We will take it one step further and look at the probability that event A or B or C will happen.

The formula is:
P(A or B or C) = P(A) + P(B) + P(C)- P(what a and B has in common) - P(B and C have in common) - P(A and C have in common) + P(A,b,C have in common)
Use the formula to answer the following problem.

The numbers 1 to 40 are all written on slips of paper and placed into a bag. Find the probability to 3 decimal places of drawing a composite number above 20 or multiples of 4 or multiples of 3.

To find the probability of drawing a composite number above 20 or multiples of 4 or multiples of 3, we will use the formula P(A or B or C) = P(A) + P(B) + P(C) - P(A and B) - P(B and C) - P(A and C) + P(A, B, C).

Let's break down the problem:

A: Drawing a composite number above 20
B: Drawing a multiple of 4
C: Drawing a multiple of 3

Now we need to find the individual probabilities for each event:

P(A): To find the probability of drawing a composite number above 20, we need to determine how many numbers meet this condition. For this, we count the number of composite numbers above 20, which are 21, 22, 24, 25, 26, 27, 28, 30, 32, 33, 34, 35, 36, 38, and 39. There are 15 such numbers. Since there are a total of 40 numbers (1 to 40), the probability of drawing a composite number above 20 is P(A) = 15/40.

P(B): To find the probability of drawing a multiple of 4, we count the numbers divisible by 4 between 1 and 40, which are 4, 8, 12, 16, 20, 24, 28, 32, 36, and 40. There are 10 such numbers, so P(B) = 10/40.
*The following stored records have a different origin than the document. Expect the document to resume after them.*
(* The sequence $(C_n^{(3)})_{n\ge0}$ of three-Catalan numbers, $C_n^{(3)}=\binom{2n}{3n}_3-\binom{2n}{3n+1}_3$, is log-convex, i.e. $C_i^{(3)}C_{i+2}^{(3)}\ge \big(C_{i+1}^{(3)}\big)^2$ for all $i\ge0$.
   Context: The quadrinomial coefficients $\binom{n}{k}_3$ are defined by $(1+x+x^2+x^3)^n=\sum_{k\in\mathbb Z}\binom{n}{k}_3x^k$, with $\binom{n}{k}_3=0$ for $k<0$ or $k>3n$. *)

From mathcomp Require Import all_boot all_order all_algebra.
Set Implicit Arguments. Unset Strict Implicit. Unset Printing Implicit Defensive.
Import GRing.Theory Num.Theory.
Local Open Scope ring_scope.

(* quadrinomial coefficient binom(n,k)_3 = coefficient of x^k in
   (1 + x + x^2 + x^3)^n; automatically 0 for k > 3n (k < 0 never occurs here). *)
Definition quad (n k : nat) : int :=
  ((1 + 'X + 'X^2 + 'X^3 : {poly int}) ^+ n)`_k.

Definition cat3 (n : nat) : int :=
  quad (2 * n) (3 * n) - quad (2 * n) (3 * n).+1.

(* For a polynomial p palindromic of degree D, the central drop
   (p^2)_D - (p^2)_{D+1} = sum_j p_j^2 - sum_j p_{j+1} p_j is half of
   p_0^2 + p_D^2 + sum_j (p_{j+1} - p_j)^2, hence nonnegative.  With g = 1 + X + X^2 + X^3,
   C_n is the central drop of (g^n)^2 at D = 3n, so C_n > 0 as (g^n)_0 = 1.  Applied to the
   palindromic p = g^i (s X^3 + t g^2) of degree 3i + 6, the central drop of p^2 is
   s^2 C_i + 2st C_{i+1} + t^2 C_{i+2}: this binary quadratic form is positive
   semidefinite, so its discriminant is nonpositive. *)
From mathcomp Require Import all_boot all_order all_algebra.
From mathcomp Require Import ring zify.
Set Implicit Arguments. Unset Strict Implicit. Unset Printing Implicit Defensive.
Import GRing.Theory Num.Theory.
Local Open Scope ring_scope.

Section Palindromic.

Variable R : comNzRingType.
Implicit Types (p q : {poly R}) (c : R).

Definition palindromic (D : nat) p :=
  (size p <= D.+1)%N /\ forall k, (k <= D)%N -> p`_k = p`_(D - k).

Lemma coefM_bounded p q m n k : (size p <= m)%N -> (size q <= n)%N ->
  (p * q)`_k = \sum_(a < m) \sum_(b < n) (if (a + b == k)%N then p`_a * q`_b else 0).
Proof.
have monomialE (r : {poly R}) l : (size r <= l)%N -> r = \sum_(a < l) r`_a *: 'X^a.
  move=> Hr; rewrite -poly_def; apply/polyP => j; rewrite coef_poly.
  by case: ltnP => // Hj; rewrite nth_default // (leq_trans Hr Hj).
move=> /monomialE {1}-> /monomialE {1}->.
rewrite mulr_suml coef_sum; apply: eq_bigr => a _.
rewrite mulr_sumr coef_sum; apply: eq_bigr => b _.
rewrite -scalerAl -scalerAr scalerA -exprD coefZ coefXn eq_sym.
by case: eqP; rewrite ?mulr1 ?mulr0.
Qed.

Lemma palindromicM D1 D2 p q :
  palindromic D1 p -> palindromic D2 q -> palindromic (D1 + D2) (p * q).
Proof.
move=> [Hp Pp] [Hq Pq]; split.
  apply: leq_trans (size_polyMleq _ _) _.
  by move: Hp Hq; case: (size p) => [|?]; case: (size q) => [|?] /=; lia.
move=> k Hk; rewrite !(coefM_bounded _ Hp Hq).
rewrite [in RHS](reindex_inj rev_ord_inj); apply: eq_bigr => a _.
rewrite [in RHS](reindex_inj rev_ord_inj); apply: eq_bigr => b _ /=.
have Ha : (a <= D1)%N by rewrite -ltnS.
have Hb : (b <= D2)%N by rewrite -ltnS.
rewrite !subSS -(Pp a Ha) -(Pq b Hb).
by have -> : (D1 - a + (D2 - b) == D1 + D2 - k)%N = (a + b == k)%N by apply/eqP/eqP; lia.
Qed.

Lemma palindromic1 : palindromic 0 1.
Proof. by split; [rewrite size_poly1 | case]. Qed.

Lemma palindromicX D p n : palindromic D p -> palindromic (D * n) (p ^+ n).
Proof.
move=> Pp; elim: n => [|n IH]; first by rewrite muln0; exact: palindromic1.
by rewrite exprS mulnS; exact: palindromicM.
Qed.

Lemma palindromicD D p q :
  palindromic D p -> palindromic D q -> palindromic D (p + q).
Proof.
move=> [Hp Pp] [Hq Pq]; split.
  by apply: leq_trans (size_polyD _ _) _; rewrite geq_max Hp Hq.
by move=> k Hk; rewrite !coefD (Pp k Hk) (Pq k Hk).
Qed.

Lemma palindromicCM D c p : palindromic D p -> palindromic D (c%:P * p).
Proof.
move=> [Hp Pp]; split; first by rewrite mul_polyC (leq_trans (size_scale_leq _ _)).
by move=> k Hk; rewrite !coefCM (Pp k Hk).
Qed.

Lemma palindromicXn n : palindromic n.*2 'X^n.
Proof.
split; first by rewrite size_polyXn -addnn ltnS leq_addr.
by move=> k Hk; rewrite !coefXn; congr (_ %:R); apply/eqP/eqP; lia.
Qed.

Definition central_drop D q := q`_D - q`_D.+1.

Lemma central_dropD D p q :
  central_drop D (p + q) = central_drop D p + central_drop D q.
Proof. by rewrite /central_drop !coefD; ring. Qed.

Lemma central_dropCM D c q : central_drop D (c%:P * q) = c * central_drop D q.
Proof. by rewrite /central_drop !coefCM mulrBr. Qed.

Lemma central_drop_XnM D n q : central_drop (D + n) ('X^n * q) = central_drop D q.
Proof.
rewrite /central_drop !coefXnM.
have -> : (D + n < n)%N = false by lia.
have -> : ((D + n).+1 < n)%N = false by lia.
by rewrite addnK -addSn addnK.
Qed.

Lemma sum_sqr_sub_consecutive (a : nat -> R) D :
  2 * (\sum_(j < D.+1) a j ^+ 2 - \sum_(j < D) a j.+1 * a j) =
  a 0%N ^+ 2 + a D ^+ 2 + \sum_(j < D) (a j.+1 - a j) ^+ 2.
Proof.
elim: D => [|D IH]; first by rewrite !big_ord0 big_ord1; ring.
rewrite (big_ord_recr D.+1) /=; set S := \sum_(j < D.+1) a j ^+ 2 in IH *.
rewrite !(big_ord_recr D) /=.
transitivity (2 * (S - \sum_(j < D) a j.+1 * a j) + 2 * (a D.+1 ^+ 2 - a D.+1 * a D));
  first by ring.
by rewrite IH; ring.
Qed.

End Palindromic.

Section PalindromicSquare.

Variable R : realDomainType.
Implicit Types (p : {poly R}).

Lemma palindromic_central_drop_sqr D p :
  palindromic D p -> p`_0 ^+ 2 <= 2 * central_drop D (p * p).
Proof.
move=> [Hs Pp].
have Emid : (p * p)`_D = \sum_(j < D.+1) p`_j ^+ 2.
  rewrite coefM; apply: eq_bigr => j _.
  by rewrite expr2 -(Pp j) // -ltnS.
have Enext : (p * p)`_D.+1 = \sum_(j < D) p`_j.+1 * p`_j.
  rewrite coefM big_ord_recl /= subn0 (nth_default 0 Hs) mulr0 add0r.
  rewrite big_ord_recr /= (nth_default 0 Hs) mul0r addr0.
  by apply: eq_bigr => j _ /=; rewrite subSS -(Pp j) // ltnW.
rewrite /central_drop Emid Enext (sum_sqr_sub_consecutive (fun j => p`_j)).
rewrite -addrA lerDl addr_ge0 ?sqr_ge0 ?sumr_ge0 // => j _.
exact: sqr_ge0.
Qed.

End PalindromicSquare.

Lemma quadratic_form_discriminant (R : realDomainType) (a b c : R) : 0 < a ->
  (forall s t : R, 0 <= s ^+ 2 * a + 2 * s * t * b + t ^+ 2 * c) -> b ^+ 2 <= a * c.
Proof.
move=> Ha /(_ b (- a)).
have -> : b ^+ 2 * a + 2 * b * - a * b + (- a) ^+ 2 * c = a * (a * c - b ^+ 2) by ring.
by rewrite pmulr_rge0 // subr_ge0.
Qed.

Definition quadpoly : {poly int} := 1 + 'X + 'X^2 + 'X^3.

Lemma palindromic_quadpoly : palindromic 3 quadpoly.
Proof.
split; first by apply/leq_sizeP => j; rewrite !coefD !coefXn coefX coef1; case: j => [|[|[|[|]]]].
by move=> k; rewrite !coefD !coefXn !coefX !coef1; case: k => [|[|[|[|]]]].
Qed.

Lemma cat3E n : cat3 n = central_drop (3 * n) (quadpoly ^+ n * quadpoly ^+ n).
Proof. by rewrite -exprD addnn -mul2n. Qed.

Lemma cat3_gt0 n : 0 < cat3 n.
Proof.
have := palindromic_central_drop_sqr (palindromicX n palindromic_quadpoly).
rewrite -cat3E -horner_coef0 horner_exp !hornerE expr1n.
by move=> H; lia.
Qed.

Lemma cat3_quadratic_form i (s t : int) :
  0 <= s ^+ 2 * cat3 i + 2 * s * t * cat3 i.+1 + t ^+ 2 * cat3 i.+2.
Proof.
set q := quadpoly; set p := q ^+ i * (s%:P * 'X^3 + t%:P * q ^+ 2).
have Pp : palindromic (3 * i + 3.*2) p.
  apply: palindromicM; first exact: palindromicX palindromic_quadpoly.
  by apply: palindromicD; apply: palindromicCM;
    [exact: palindromicXn | exact: palindromicX palindromic_quadpoly].
have Epp : p * p = (s ^+ 2)%:P * ('X^6 * (q ^+ i * q ^+ i))
    + (2 * s * t)%:P * ('X^3 * (q ^+ i.+1 * q ^+ i.+1))
    + (t ^+ 2)%:P * (q ^+ i.+2 * q ^+ i.+2).
  by rewrite /p !exprSr; ring.
have := Order.POrderTheory.le_trans (sqr_ge0 _) (palindromic_central_drop_sqr Pp).
rewrite pmulr_rge0 // Epp !central_dropD !central_dropCM central_drop_XnM.
have -> : (3 * i + 3.*2 = 3 * i.+1 + 3)%N by lia.
rewrite central_drop_XnM.
have -> : (3 * i.+1 + 3 = 3 * i.+2)%N by lia.
by rewrite /q -!cat3E.
Qed.

Theorem theorem3p1 (i : nat) : cat3 i * cat3 i.+2 >= cat3 i.+1 ^+ 2.
Proof. exact: quadratic_form_discriminant (cat3_gt0 i) (cat3_quadratic_form i). Qed.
P(C): To find the probability of drawing a multiple of 3, we count the numbers divisible by 3 between 1 and 40, which are 3, 6, 9, 12, 15, 18, 21, 24, 27, 30, 33, 36, and 39. There are 13 such numbers, so P(C) = 13/40.

Now let's find the probabilities of the intersections:

P(A and B): We need to find the numbers that are both composite numbers above 20 and multiples of 4. From the list above, we see that 24 is the only number that satisfies both conditions. So, P(A and B) = 1/40.

P(B and C): We need to find the numbers that are both multiples of 4 and multiples of 3. From the list above, we see that 12, 24, and 36 satisfy both conditions. So, P(B and C) = 3/40.

P(A and C): We need to find the numbers that are both composite numbers above 20 and multiples of 3. From the list above, we see that 24 and 36 satisfy both conditions. So, P(A and C) = 2/40.

P(A, B, C): We need to find the numbers that satisfy all three conditions. From the list above, we find that only 24 satisfies all three conditions. So, P(A, B, C) = 1/40.

Now, plugging the values into the formula:

P(A or B or C) = P(A) + P(B) + P(C) - P(A and B) - P(B and C) - P(A and C) + P(A, B, C)
P(A or B or C) = 15/40 + 10/40 + 13/40 - 1/40 - 3/40 - 2/40 + 1/40

Calculating the result:

P(A or B or C) ≈ 0.475

Therefore, the probability, to three decimal places, of drawing a composite number above 20 or multiples of 4 or multiples of 3 is approximately 0.475.